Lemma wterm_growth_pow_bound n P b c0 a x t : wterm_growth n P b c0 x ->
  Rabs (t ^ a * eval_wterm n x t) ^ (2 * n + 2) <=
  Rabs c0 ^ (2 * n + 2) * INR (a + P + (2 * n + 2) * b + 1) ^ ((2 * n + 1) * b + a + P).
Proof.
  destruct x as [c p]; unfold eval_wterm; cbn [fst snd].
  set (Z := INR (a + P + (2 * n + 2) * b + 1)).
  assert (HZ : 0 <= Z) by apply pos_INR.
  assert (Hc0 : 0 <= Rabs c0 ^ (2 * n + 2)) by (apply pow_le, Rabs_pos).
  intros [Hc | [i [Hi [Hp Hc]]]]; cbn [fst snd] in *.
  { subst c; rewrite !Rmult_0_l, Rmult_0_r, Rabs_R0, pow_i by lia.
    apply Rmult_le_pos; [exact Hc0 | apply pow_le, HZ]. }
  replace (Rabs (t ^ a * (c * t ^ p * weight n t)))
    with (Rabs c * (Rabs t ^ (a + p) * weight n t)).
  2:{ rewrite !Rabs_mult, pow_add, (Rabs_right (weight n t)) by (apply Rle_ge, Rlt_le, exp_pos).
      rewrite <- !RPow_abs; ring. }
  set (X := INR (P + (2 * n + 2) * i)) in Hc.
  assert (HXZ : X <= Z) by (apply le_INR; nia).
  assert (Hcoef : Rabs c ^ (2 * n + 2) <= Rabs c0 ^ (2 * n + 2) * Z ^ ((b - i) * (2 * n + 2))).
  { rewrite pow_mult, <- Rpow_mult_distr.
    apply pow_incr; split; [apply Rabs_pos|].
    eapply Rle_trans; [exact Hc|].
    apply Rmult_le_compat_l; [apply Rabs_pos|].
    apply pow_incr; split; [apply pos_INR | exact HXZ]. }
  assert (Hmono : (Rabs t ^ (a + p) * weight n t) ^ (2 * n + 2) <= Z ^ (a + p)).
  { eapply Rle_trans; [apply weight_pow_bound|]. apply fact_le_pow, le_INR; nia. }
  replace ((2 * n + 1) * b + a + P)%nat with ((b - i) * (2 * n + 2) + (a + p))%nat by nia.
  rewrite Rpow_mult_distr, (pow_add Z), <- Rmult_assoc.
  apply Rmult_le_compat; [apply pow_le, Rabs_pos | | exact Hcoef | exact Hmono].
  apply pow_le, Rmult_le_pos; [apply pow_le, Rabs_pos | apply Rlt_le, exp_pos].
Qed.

•••••

WHAT TO WORK ON: Could you restate, word for word, the lines above from the one with "replace (Rabs (t" to the one with "assert (HXZ : X", both included?

TASK ANSWER:
  replace (Rabs (t ^ a * (c * t ^ p * weight n t)))
    with (Rabs c * (Rabs t ^ (a + p) * weight n t)).
  2:{ rewrite !Rabs_mult, pow_add, (Rabs_right (weight n t)) by (apply Rle_ge, Rlt_le, exp_pos).
      rewrite <- !RPow_abs; ring. }
  set (X := INR (P + (2 * n + 2) * i)) in Hc.
  assert (HXZ : X <= Z) by (apply le_INR; nia).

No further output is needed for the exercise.